Aude-Léa Rapin, 30 ans, a co-écrit le scénario avec Jonathan Couzinié (Freddy, dans le film). « L’idée nous est venue en discutant, un soir un peu maussade, de la misère affective que l’ont peut ressentir à une époque aussi connectée. On buvait des bières. Freddy était né », raconte la réalisatrice. Le tournage a eu lieu en août 2014. Ils sont partis tous les deux sur leurs fonds propres, avec Virgile, ingé son, et Francis, régisseur, dans un camion qu’on leur a prêté. « On n’a pas voulu s’embarquer dans la recherche de financements. On est donc partis tourner quand on a voulu. On était libres. »

Les 40 minutes du film tourné en une semaine et monté en 25 jours, ont fait l’unanimité dans le jury (compétition nationale) présidé par Abd al Malik à Clermont. « Ce fut un choix rapide, confie Aude-Léa Rapin. Ce qui est très très très touchant. Et stressant. C’est d’ailleurs cet ensemble d’émotions que l’on a voulu retranscrire dans le film. On a voulu raconter une fiction en prise directe avec le réel, sans caricature, sans gnangnan. » Pari réussi : le film est d’une désarmante justesse.

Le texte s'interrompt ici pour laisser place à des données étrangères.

(* Let $k\ge 3$ and let $D$ be a digraph on $n$ vertices with $\delta^0(D)\ge\lceil (n+k)/2\rceil-1$. Let $S=(s_1,\dots,s_k)$ be a sequence of distinct vertices of $D$, let $C$ be a longest $S$-cycle in $D$, and suppose $C$ is not Hamiltonian. Let $H$ be the subdigraph of $D$ induced by $V(D)\setminus V(C)$. Then $H$ is Hamiltonian connected and $d^-_H(x)+d^+_H(y)\ge |H|+k-2$ for all (not necessarily distinct) vertices $x,y\in H$. Moreover, every digraph obtained from $H$ by deleting at most $2$ vertices is strongly connected, and $k\le |H|\le \lfloor (n-k)/2\rfloor$.
   Context: Digraphs have no loops and at most one edge in each direction between any two vertices; paths and cycles are directed. $\delta^0(D)=\min\{\delta^+(D),\delta^-(D)\}$. An $S$-cycle is a directed cycle in $D$ which encounters $s_1,\dots,s_k$ in this order. For $x\in H$, $d^+_H(x)$ and $d^-_H(x)$ denote the out- and indegree of $x$ within $H$. A digraph is strongly connected if for every ordered pair $x,y$ of vertices there is a directed $x$-$y$ path, and Hamiltonian connected if for every ordered pair of distinct vertices $x,y$ there is a directed Hamilton path from $x$ to $y$. *)

(* A digraph on a finite vertex type T is an irreflexive
   relation e : rel T (e x y = there is an edge x -> y). *)
From mathcomp Require Import all_boot.
Set Implicit Arguments. Unset Strict Implicit. Unset Printing Implicit Defensive.

Section Digraph.
Variables (T : finType) (e : rel T).

Definition loopless := forall x : T, ~~ e x x.

Definition outdeg (x : T) := #|[set y | e x y]|.
Definition indeg (x : T) := #|[set y | e y x]|.

Definition outdeg_in (A : {set T}) (x : T) := #|[set y in A | e x y]|.
Definition indeg_in (A : {set T}) (x : T) := #|[set y in A | e y x]|.

Definition min_semideg_ge (d : nat) := forall x : T, d <= outdeg x /\ d <= indeg x.

Definition dcycle (c : seq T) := [/\ 2 <= size c, uniq c & cycle e c].

(* an S-cycle: a directed cycle meeting s_1,...,s_k in this cyclic order *)
Definition S_cycle (S c : seq T) := dcycle c /\ exists i, subseq S (rot i c).

Definition longest_S_cycle (S c : seq T) :=
  S_cycle S c /\ forall c', S_cycle S c' -> size c' <= size c.

Definition ham_connected_on (A : {set T}) :=
  forall x y, x \in A -> y \in A -> x != y ->
    exists p : seq T, [/\ path e x p, last x p = y, uniq (x :: p)
                        & forall z, (z \in x :: p) = (z \in A)].

Definition strong_on (B : {set T}) :=
  forall u v, u \in B -> v \in B ->
    exists p : seq T, [/\ path e u p, last u p = v & all (mem B) p].
End Digraph.

(* Let C be the longest S-cycle and H the rest of D. If a path of H runs from z to w,
   then no vertex u of C has both u -> z and w -> succ(u), for the path could otherwise
   be inserted into C after u. Hence |N^-_C(z)| + |N^+_C(w)| <= |C|, and the semidegree
   bound leaves d^-_H(z) + d^+_H(w) >= |H| + k - 2. Applied to single vertices and arcs
   this excludes any proper nonempty part of H without outgoing arcs, so H is strongly
   connected and the bound holds for all pairs of H. It gives |H| >= k, and it leaves no
   room for a separation of H after deleting fewer than k vertices. If |C| < |H| + k,
   some u on C has an out-neighbour in H and succ(u) an in-neighbour in H, and a path
   of H between them would extend C; so |H| <= (n - k)/2. Finally, identifying y with
   x reduces Hamiltonian connectivity of H to a Woodall-type criterion for Hamilton
   cycles, proved by confronting a longest cycle with a longest path outside it. *)

From mathcomp Require Import all_boot zify.
From Stdlib Require Import Classical.
Set Implicit Arguments. Unset Strict Implicit. Unset Printing Implicit Defensive.

Lemma ex_maximum (P : nat -> Prop) N : (exists m, P m) -> (forall m, P m -> m <= N) ->
  exists m, P m /\ forall m', P m' -> m' <= m.
Proof.
move=> [m0 Pm0] bounded; apply: NNPP => no_max.
suff [m [Pm ltNm]] : exists m, P m /\ N < m by have := bounded _ Pm; rewrite leqNgt ltNm.
elim: N.+1 => [|j [m [Pm le_jm]]]; first by exists m0.
have [m' [Pm' lt_mm']] : exists m', P m' /\ m < m'.
  apply: NNPP => none; apply: no_max; exists m; split=> // m' Pm'.
  by rewrite leqNgt; apply/negP => lt; apply: none; exists m'.
by exists m'; split=> //; apply: leq_ltn_trans lt_mm'.
Qed.

Section CycleSurgery.
Variables (T : eqType) (f : rel T).

Lemma iter_next_cons (x : T) s t : uniq (x :: s) -> 0 < t <= (size s).+1 ->
  iter t (next (x :: s)) x = nth x (rcons s x) t.-1.
Proof.
case/andP=> xNs Us; elim: t => [|[|t] IH] // /andP[_ le_ts].
  change (next (x :: s) x = nth x (rcons s x) 0).
  by rewrite next_nth mem_head /= eqxx; case: s {xNs Us le_ts IH}.
have lt_ts : t < size s by [].
rewrite iterS IH; last by rewrite /= ltnW.
rewrite [t.+1.-1]/= [t.+2.-1]/= nth_rcons lt_ts.
rewrite next_nth inE mem_nth // orbT /=.
have -> : (x == nth x s t) = false by apply: contraNF xNs => /eqP ->; rewrite mem_nth.
rewrite index_uniq // nth_rcons.
case: ltngtP => // [lt_st|->]; last by rewrite nth_default.
by move: lt_st; rewrite ltnS leqNgt lt_ts.
Qed.

Lemma exists_iter_next (s : seq T) x y : uniq s -> x \in s -> y \in s ->
  exists2 t, 0 < t <= size s & iter t (next s) x = y.
Proof.
move=> Us xs ys; move: (rot_index xs); set b := drop _ _ ++ _ => Es.
have Ub : uniq (x :: b) by rewrite -Es rot_uniq.
have size_s : size s = (size b).+1 by rewrite -(size_rot (index x s)) Es.
have iterE t : iter t (next s) x = iter t (next (x :: b)) x.
  by apply: eq_iter => v; rewrite -Es next_rot.
have : y \in x :: b by rewrite -Es mem_rot.
rewrite inE => /predU1P[->|yb].
  exists (size s); first by rewrite size_s /=.
  by rewrite iterE size_s iter_next_cons //= nth_rcons ltnn eqxx.
have lt_yb : index y b < size b by rewrite index_mem.
exists (index y b).+1; first by rewrite size_s; lia.
rewrite iterE iter_next_cons //=; last by lia.
by rewrite nth_rcons lt_yb nth_index.
Qed.
Lemma exists_cell_with_interior n :
  sm_infinite X -> (forall A, In A P -> proper X d A) ->
  (forall x, exists A, In A P /\ A x) ->
  exists k, valid_index X P n k /\ exists x, sm_interior X d (cell X phi phiinv P n k) x.
Proof.
  intros Hinf Hproper Hcover.
  destruct (classic (inhabited X)) as [[x0]|Hempty].
  2:{ exfalso. apply Hinf. exists nil. intros x. exact (Hempty (inhabits x)). }
  set (U := fun y => exists j, (j < length P)%nat /\ sm_interior X d (piece j) y).
  assert (U_open : sm_open X d U).
  { intros y (j & Hj & Hy). destruct (sm_open_interior X d d_metric _ y Hy) as [r [Hr H]].
    exists r. split; [exact Hr|]. intros z Hz. exists j. auto. }
  destruct (sm_dense_forall_range X d d_metric (fun i y => U (zp i y))
              (1 - Z.of_nat n) (Z.of_nat n - 1)) with x0 1 as [x [_ Hx]].
  - intros i. apply zpow_preimage_open, U_open.
  - intros i. apply zpow_preimage_dense, union_interiors_dense; assumption.
  - lra.
  - destruct (choice (fun i j => (1 - Z.of_nat n <= i <= Z.of_nat n - 1)%Z ->
        (j < length P)%nat /\ sm_interior X d (piece j) (zp i x))) as [k Hk].
    { intros i. destruct (classic (1 - Z.of_nat n <= i <= Z.of_nat n - 1)%Z) as [Hi|Hi].
      - destruct (Hx i Hi) as (j & Hj & Hint). exists j. auto.
      - exists 0%nat. tauto. }
    exists k. split; [intros i Hi; apply Hk, Hi|]. exists x.
    destruct (sm_open_forall_range X d
                (fun i y => sm_interior X d (piece (k i)) (zp i y))
                (1 - Z.of_nat n) (Z.of_nat n - 1)) with x as [r [Hr Hball]].
    + intros i. apply zpow_preimage_open, sm_open_interior, d_metric.
    + intros i Hi. apply Hk, Hi.
    + exists r. split; [exact Hr|]. intros y Hy i Hi.
      exact (sm_interior_incl X d d_metric _ _ (Hball y Hy i Hi)).
Qed.

Variables (br : X -> X -> X) (eps1 : R).
Hypothesis markov : markov_stable X d phi br eps1 P.

Lemma stable_set_in_cell n k x y :
  valid_index X P n k -> sm_interior X d (cell X phi phiinv P n k) x ->
  XsR X d br eps1 (zp (1 - Z.of_nat n) x) (piece (k (1 - Z.of_nat n)%Z)) y ->
  cell X phi phiinv P n k (zp (Z.of_nat n - 1) y).
Proof.
  intros Hk Hx Hy i Hi.
  destruct (zpow_forward_invariant X phi phiinv phi_phiinv
              (fun i z => XsR X d br eps1 (zp i x) (piece (k i)) z)
              (1 - Z.of_nat n) (Z.of_nat n - 1) y) with i as [_ Hpiece].
  - intros j z Hj Hz. rewrite Z.add_1_r, zpow_succ by assumption.
    apply (markov (k j) (k (Z.succ j)) (zp j x)); [apply Hk; lia|apply Hk; lia| | |exact Hz].
    + apply (cell_interior_piece n); [exact Hx|lia].
    + rewrite <- zpow_succ by assumption. apply (cell_interior_piece n); [exact Hx|lia].
  - exact Hy.
  - exact Hi.
  - rewrite zpow_add by assumption.
    replace (i + (Z.of_nat n - 1))%Z with (i - (1 - Z.of_nat n))%Z by lia. exact Hpiece.
Qed.

Lemma low_diam_s_le_cell_diam M L n k x :
  (forall a b, d a b <= M) -> 0 <= L ->
  (forall a b, d (phiinv a) (phiinv b) <= L * d a b) ->
  (1 <= n)%nat -> valid_index X P n k -> sm_interior X d (cell X phi phiinv P n k) x ->
  low_diam_s X d br eps1 P <= L ^ (n - 1) * diam X d (cell X phi phiinv P n k).
Proof.
  intros HM HL Hlip Hn Hk Hx.
  set (i0 := (1 - Z.of_nat n)%Z).
  set (A0 := piece (k i0)).
  assert (HA0 : In A0 P) by (apply nth_In, Hk; unfold i0; lia).
  assert (Hw : A0 (zp i0 x)).
  { apply (sm_interior_incl X d d_metric). apply (cell_interior_piece n); [exact Hx|unfold i0; lia]. }
  apply Rle_trans with (inf_diam_s X d br eps1 A0).
  { apply real_Glb_Rbar_le; [|exists A0; auto].
    intros r (A & _ & ->). apply real_Glb_Rbar_nonneg.
    intros r (y & _ & ->). apply diam_nonneg, d_metric. }
  apply Rle_trans with (diam X d (XsR X d br eps1 (zp i0 x) A0)).
  { apply real_Glb_Rbar_le; [|exists (zp i0 x); auto].
    intros r (y & _ & ->). apply diam_nonneg, d_metric. }
  apply (diam_le_lipschitz_image X d d_metric M _ _ (zp i0)).
  - exact HM.
  - apply pow_le, HL.
  - intros a b. unfold i0. replace (1 - Z.of_nat n)%Z with (- Z.of_nat (n - 1))%Z by lia.
    rewrite !zpow_opp_of_nat. apply iter_lipschitz; assumption.
  - intros y Hy. exists (zp (Z.of_nat n - 1) y). split.
    + exact (stable_set_in_cell n k x y Hk Hx Hy).
    + rewrite zpow_add by assumption. unfold i0.
      replace (1 - Z.of_nat n + (Z.of_nat n - 1))%Z with 0%Z by lia. reflexivity.
Qed.

Theorem min_diam_Rn_ge_stable :
  sm_compact X d -> sm_infinite X -> (forall A, In A P -> proper X d A) ->
  (forall x, exists A, In A P /\ A x) -> lipschitz X d phiinv ->
  forall n, (1 <= n)%nat ->
  min_diam_Rn X d phi phiinv P n >=
  powerRZ (Lip X d phiinv) (1 - Z.of_nat n) * low_diam_s X d br eps1 P.
Proof.
  intros Hcpt Hinf Hproper Hcover Hlip n Hn. apply Rle_ge.
  destruct (sm_compact_bounded X d d_metric Hcpt) as [M HM].
  destruct (Lip_spec X d d_metric phiinv Hlip) as [HL0 HL].
  destruct (exists_cell_with_interior n Hinf Hproper Hcover) as [k0 [Hk0 [x0 Hx0]]].
  rewrite powerRZ_1_sub_of_nat by exact Hn.
  eapply le_real_Glb_Rbar.
  { exists k0. split; [exact Hk0|]. split; [exists x0; exact Hx0|reflexivity]. }
  intros r (k & Hk & [x Hx] & ->).
  apply Rinv_mult_le_of_le_mult; [apply pow_le, HL0|apply diam_nonneg, d_metric|].
  eapply low_diam_s_le_cell_diam; eauto.
Qed.
End Cells.
(* Let $\alpha = 1-\frac{1}{W_{-1}(-2/e^3)+1}\approx 1.3871$ (equivalently, $1-1/\alpha$ is the solution $x$ of $3+\ln(1/2)=\ln(x)+1/x$ used to define it). For $\epsilon>0$, let $\mathcal{S}_\epsilon=\{\ell = 1/2+i\epsilon : i\in\mathbb{N}_{>0},\ \ell\le 1/\alpha\}$, let $B\ge 1/\epsilon$ be an integer and $c>0$. Consider the linear program $(\mathrm{LP}_\epsilon)$ in variables $\alpha_\epsilon$, $N_0$ and $N_x$ ($x\in\mathcal{S}_\epsilon$): minimize $\alpha_\epsilon$ subject to $N_0+\sum_{x\in\mathcal{S}_\epsilon}(1-x)N_x\ge B-1/B^c$; $N_0+\sum_{x\in\mathcal{S}_\epsilon}N_x\le \alpha_\epsilon\cdot B$; $N_0+\sum_{x\in\mathcal{S}_\epsilon,\,x\le t-\epsilon}N_x+\lfloor \frac{B}{1-t}\rfloor\le \alpha_\epsilon\cdot\lceil\frac{B}{1-t}\rceil$ for all $t\in\mathcal{S}_\epsilon$; $N_x\ge 0$. Then the optimal value $\alpha^\star_\epsilon$ of $(\mathrm{LP}_\epsilon)$ satisfies $\alpha^\star_\epsilon\in[\alpha-O(\epsilon),\alpha+O(\epsilon)]$. *)

From HB Require Import structures.
From mathcomp Require Import all_boot all_order all_algebra.
From mathcomp Require Import reals sequences exp.
Set Implicit Arguments. Unset Strict Implicit. Unset Printing Implicit Defensive.
Import Order.TTheory GRing.Theory Num.Theory.
Local Open Scope ring_scope.

Definition xpt (R : realType) (eps : R) (i : nat) : R := 1/2 + i%:R * eps.

Definition inS (R : realType) (al eps : R) (i : nat) : bool :=
  (0 < i)%N && (xpt eps i <= al^-1).

(* Feasibility of (LP_eps) at the point (a = alpha_eps, N0, N_x = N i for x = xpt eps i).
   Since every i with inS has i*eps < 1 <= B*eps, i.e. i < B, summing over
   i < B with the filter inS is summing over all of S_eps. *)
Definition LP_feasible (R : realType) (al eps : R) (B : nat) (c : R)
    (a N0 : R) (N : nat -> R) : Prop :=
  [/\ B%:R - (B%:R `^ c)^-1 <= N0 + \sum_(i < B | inS al eps i) (1 - xpt eps i) * N i,
      N0 + \sum_(i < B | inS al eps i) N i <= a * B%:R,
      forall j : nat, inS al eps j ->
        N0 + \sum_(i < B | inS al eps i && (xpt eps i <= xpt eps j - eps)) N i
           + (Num.floor (B%:R / (1 - xpt eps j)))%:~R
        <= a * (Num.ceil (B%:R / (1 - xpt eps j)))%:~R,
      0 <= N0 &
      forall i : nat, inS al eps i -> 0 <= N i].

Definition LP_opt (R : realType) (al eps : R) (B : nat) (c : R) (v : R) : Prop :=
  (exists (N0 : R) (N : nat -> R), LP_feasible al eps B c v N0 N) /\
  (forall (a N0 : R) (N : nat -> R), LP_feasible al eps B c a N0 N -> v <= a).

From mathcomp Require Import all_boot all_order all_algebra.
From mathcomp Require Import reals sequences exp.
From mathcomp Require Import classical_sets ring lra.
Import Order.TTheory GRing.Theory Num.Theory.
Local Open Scope ring_scope.

Set Implicit Arguments. Unset Strict Implicit. Unset Printing Implicit Defensive.

(* Write n_0 = N_0, n_i = N_i and P_k = n_0 + ... + n_k.  Constraints (2) and
   (3) bound each prefix sum P_k by a B and by the caps
   a ceil(B / (1 - x_j)) - floor(B / (1 - x_j)) for j > k, and summation by
   parts writes the objective as a nonnegative combination of the P_k, the
   weights 1 - x_k being decreasing.  So a is a feasible value iff raising
   every P_k to its least cap satisfies (1), and the optimum is the least such
   a; it is attained because the caps are Lipschitz in a.  The caps are
   (a - 1) B / (1 - x) + O(1), so the objective is, up to O(eps B),
   B ((a - 1) (1 + int_{1/2}^{1-y} dx / (1 - x)) + a y) = B ((a - 1) (1/y - 2) + a y),
   where y = 1 - 1/alpha satisfies ln y = 3 - ln 2 - 1/y; and this is exactly B
   at a = alpha. *)

Lemma sum_by_parts (R : comPzRingType) (w n : nat -> R) K :
  \sum_(0 <= k < K.+1) w k * n k =
  \sum_(0 <= k < K) (\sum_(0 <= i < k.+1) n i) * (w k - w k.+1)
  + (\sum_(0 <= i < K.+1) n i) * w K.
Proof.
elim: K => [|K IH]; first by rewrite !big_nat1 big_geq // add0r mulrC.
rewrite big_nat_recr //= IH [in RHS]big_nat_recr //= [in X in _ = _ + X]big_nat_recr //=.
ring.
Qed.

Avant d’être réalisatrice, Aude-Léa Rapin est photographe et vidéaste. « J’ai arrêté l’école après le bac. Je suis dyslexique, j’ai toujours eu besoin de l’image pour communiquer », admet-elle. Elle a commencé à travailler dans les Balkans, pour des magazines et des associations humanitaires et féministes. Entre 2002 et 2008, elle a réalisé deux films documentaires en Bosnie et au Kosovo. Elle a ensuite travaillé en Ethiopie. Son job consistait à filmer des situations difficiles pour lever des fonds. Après dix années passées à filmer l’horreur et la misère, Aude-Léa Rapin a eu envie de faire du cinéma. Elle est entrée à la Femis, atelier scénario, il y a deux ans.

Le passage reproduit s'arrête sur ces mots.